In this series, I'll share my progress with the 2023 version of Advent of Code.

Check the first post for a short intro to this series.

You can also follow my progress on GitHub.

December 8th

The puzzle of day 8 was not so hard. I like graph problems, although this was pretty basic.

My pitfall for this puzzle: I have no clue how to find the number that's a common factor for all path lengths.
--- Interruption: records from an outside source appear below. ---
Lemma tsize_subterm_arg_lt g ts a s :
  In a ts -> In s (subterms a) -> tsize s < tsize (tfun g ts).
Proof.
  intros Ha Hs. apply tsize_subterm in Hs.
  pose proof (list_sum_In (map tsize ts) (tsize a) (in_map _ _ _ Ha)). simpl. lia.
Qed.

Definition head_below (F : nat) (t : term) : Prop :=
  match t with tvar _ => True | tfun g _ => g < F end.

Definition term_funs_below (F : nat) (t : term) : Prop :=
  forall s, In s (subterms t) -> head_below F s.

Fixpoint form_funs_below (F : nat) (A : form) : Prop :=
  match A with
  | Bot => True
  | Atom _ ts => forall t, In t ts -> term_funs_below F t
  | And B C | Or B C | Imp B C => form_funs_below F B /\ form_funs_below F C
  | All B | Ex B => form_funs_below F B
  end.

Lemma uniform_bound {X} (P : nat -> X -> Prop) (l : list X) :
  (forall n n' x, n <= n' -> P n x -> P n' x) ->
  (forall x, In x l -> exists n, P n x) -> exists n, forall x, In x l -> P n x.
Proof.
  intros Hmono. induction l as [|x l IH]; intros Hl.
  - exists 0. intros x [].
  - destruct (Hl x (or_introl eq_refl)) as [n1 H1].
    destruct IH as [n2 H2]; [intros; apply Hl; right; auto|].
    exists (n1 + n2). intros y [<-|Hy]; eapply Hmono; [| exact H1 | | apply H2; exact Hy]; lia.
Qed.

Lemma term_funs_below_mono F F' t : F <= F' -> term_funs_below F t -> term_funs_below F' t.
Proof. intros HF Ht s Hs. specialize (Ht s Hs). destruct s; simpl in *; lia. Qed.

Lemma form_funs_below_mono F F' A : F <= F' -> form_funs_below F A -> form_funs_below F' A.
Proof.
  intros HF. induction A; simpl; try tauto.
  intros Hts t Ht. apply (term_funs_below_mono F); auto.
Qed.
(* Suppose (C2) holds. Then the LMS sampling design is a high entropy sampling design. Moreover, under each of SRSWOR, the LMS design and any HE$\pi$PS design, for $\mathbb P$-almost every $\omega$ there are constants $M,M'>0$ such that for all sufficiently large $\nu$, $M\le n^{-1}N\pi_i\le M'$ for all $1\le i\le N$.
   Context: Sequence of nested finite populations of $N=N_\nu$ units with sample size $n=n_\nu<N$, $N,n\to\infty$ as $\nu\to\infty$; size variable values $X_1,\dots,X_N$ are i.i.d. positive random variables on $(\Omega,\mathcal F,\mathbb P)$ (part of i.i.d. population records). A sampling design is $P(s,\omega)$, a probability on the size-$n$ subsets $s$ for each $\omega$; $\pi_i=\sum_{s\ni i}P(s,\omega)$. SRSWOR: each $s$ with probability $\binom Nn^{-1}$. LMS: first unit $U_i$ drawn with probability $X_i/\sum_jX_j$, then $n-1$ units by SRSWOR from the remaining $N-1$. Rejective design (parameters $\alpha_i>0$, $\sum\alpha_i=1$): $n$ draws with replacement with probabilities $\alpha_i$, repeated until $n$ distinct units are drawn. A design is high entropy if $\sum_sP(s,\omega)\log(P(s,\omega)/R(s,\omega))\to0$ as $\nu\to\infty$ a.s. $[\mathbb P]$ for some rejective design $R(s,\omega)$. $\pi$PS: $\pi_i=nX_i/\sum_jX_j$. HE$\pi$PS: high entropy and $\pi$PS. (C2): $X_i\le b$ a.s. for some $0<b<\infty$, $E(X_i^{-2})<\infty$, and $\max_{i\le N}X_i/\min_{i\le N}X_i=O(1)$ as $\nu\to\infty$ a.s. $[\mathbb P]$. *)

From HB Require Import structures.
From mathcomp Require Import all_boot all_order all_algebra.
From mathcomp Require Import all_classical all_reals all_analysis.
Something similar to Greatest Common Divisor, but what 🀷. In the end a brute force approach worked and doesn't take that long on my M1 laptop.

Solution here, do not click if you want to solve the puzzle first yourself
#!/usr/bin/env python3
import math

with open('input.txt') as infile:
    lines = infile.readlines()
directions = [d for d in lines[0].strip()]

graph = {}
for line in lines[2:]:
    parts = line.strip().split(' = ')
    targets = parts[1][1:-1].split(', ')
    graph[parts[0]] = {'L': targets[0], 'R': targets[1]}

dir_idx = 0
steps = 0
nodes = [n for n in graph.keys() if n.endswith('A')]
finished = []
while len([n for n in nodes if not n.endswith('Z')]) > 0:
    steps += 1
    for idx, n in enumerate(nodes):
        if idx in [f[0] for f in finished]:
            continue
        nodes[idx] = graph[n][directions[dir_idx]]
        if nodes[idx].endswith('Z'):
            finished.append((idx, steps))
    if dir_idx < len(directions) - 1:
        dir_idx += 1
    else:
        dir_idx = 0
for f in finished:
    print(f'Finished node {f[0]} in {f[1]} steps')

highest = max([f[1] for f in finished])
total = highest
while True:
    all_divisors = True
    for f in finished:
        if total % f[1] != 0:
            all_divisors = False
    if all_divisors:
        break
    else:
        total += highest
print(total)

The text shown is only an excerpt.